Step by step solution

01

Calculate Total Exhausted Fuel

The total fuel mass is the sum of the fuel in both stages: \(9000 \text{ kg} + 700 \text{ kg} = 9700 \text{ kg}\).

02

Single-stage Rocket Speed Calculation (a)

The initial total mass is \(13,000 \text{ kg}\) and final mass once the fuel is burned is \(13,000 \text{ kg} - 9700 \text{ kg} = 3300 \text{ kg}\).

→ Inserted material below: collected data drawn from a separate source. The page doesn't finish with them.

(* Compare with the reference solution v_1: near 0 it is positive and small, so
   f(v_1) behaves like -v_1^-m and D = |h f(v_1)| dominates both h and h v_1^-m;
   D is integrable by the very definition of a solution, and it controls every
   singular term below.  For large a let B = kap a^((p-1)/l): B tends to +oo,
   B = o(a) and B^l is comparable to a^(p-1).  As long as v_a <= B, the integral
   in the equation is too small to bring phi_p(v_a') down to (theta a)^(p-1), so
   v_a' > theta a and v_a passes the level B before any fixed time d.  Afterwards
   f(v_a) >= B^l/2 on [d, 2d], while on (0, d) v_a >= v_1 keeps the negative part
   of the integrand above -(2 + C0) D; this forces phi_p(v_a'(2d)) < 0.  So the
   first zero M_a of v_a' lies before 2d, beyond the time where v_a passes B,
   whence v_a(M_a) >= B.  As d is arbitrary, M_a -> 0 and v_a(M_a) -> +oo. *)

From HB Require Import structures.
From mathcomp Require Import all_boot all_order all_algebra.
From mathcomp Require Import all_classical all_reals all_analysis.
From mathcomp Require Import ring lra.
Set Implicit Arguments. Unset Strict Implicit. Unset Printing Implicit Defensive.
Import Order.TTheory GRing.Theory Num.Theory.
Import numFieldNormedType.Exports.
Local Open Scope classical_set_scope.
Local Open Scope ring_scope.

Section real_analysis.
Variable R : realType.
Implicit Types (A : set R) (g v w : R -> R).

Lemma near_withinP A (t : R) (P : R -> Prop) :
  (\forall s \near within A (nbhs t), P s) <->
  exists2 d : R, 0 < d & forall s, A s -> `|s - t| < d -> P s.
Proof.
rewrite near_withinE; split.
- by move=> /nbhs_ballP[d d0 H]; exists d => // s As st; apply: H; rewrite // /ball /= distrC.
- move=> [d d0 H]; apply/nbhs_ballP; exists d => // s.
  by rewrite /ball /= distrC => ? ?; apply: H.
Qed.

Lemma within_continuousP A g :
  {within A, continuous g} <-> forall x, A x -> forall e : R, 0 < e ->
    exists2 d : R, 0 < d & forall y, A y -> `|y - x| < d -> `|g y - g x| < e.
Proof.
rewrite subspace_continuousP; split.
- move=> H x Ax e e0; move/cvgrPdist_lt: (H x Ax) => /(_ e e0) /near_withinP[d d0 Hd].
  by exists d => // y Ay yx; rewrite distrC; apply: Hd.
- move=> H x Ax; apply/cvgrPdist_lt => e e0; apply/near_withinP.
  have [d d0 Hd] := H x Ax e e0; exists d => // y Ay yx.
  by rewrite distrC; apply: Hd.
Qed.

Using the rocket equation \(v = v_{ex} \ln\left(\frac{m_0}{m_1}\right)\), where \(m_0\) is the initial mass and \(m_1\) is the final mass, the speed \(v\) is \( v = v_{ex} \ln\left(\frac{13000}{3300}\right)\).

03

Two-stage Rocket First Stage Speed (b)

The first stage has an initial mass of \(12,000 \text{ kg}\) and burns \(9000 \text{ kg}\) of fuel. The final mass is \(12,000 \text{ kg} - 9000 \text{ kg} = 3000 \text{ kg}\) plus the \(1000 \text{ kg}\) of the second stage, giving \(4000 \text{ kg}\). Using the rocket equation again, \(v_1 = v_{ex} \ln\left(\frac{12000}{4000}\right)\).

04

Determine Initial Speed of Second Stage

At separation, the speed of the second stage becomes the speed \(v_1\) calculated in Step 3: \(v_1 = v_{ex} \ln\left(\frac{12000}{4000}\right)\).

05

Final Speed of Second Stage (c)

The second stage exhausts \(700\ \text{kg}\) of fuel, bringing its mass from \(1000 \text{ kg}\) to \(300\ \text{kg}\). Thus, using the rocket equation from its initial speed \(v_1\): \(v_2 = v_1 + v_{ex} \ln\left(\frac{1000}{300}\right)\).

06

Calculate Required \(v_{ex}\) for Specific Final Speed (d)

Set \(v_2\) equal to 7000 m/s (\(7.00 \text{ km/s}\)) and solve: \(7000 = v_{ex} \left(\ln\left(\frac{12000}{4000}\right) + \ln\left(\frac{1000}{300}\right)\right)\). Simplify to find \(v_{ex}\).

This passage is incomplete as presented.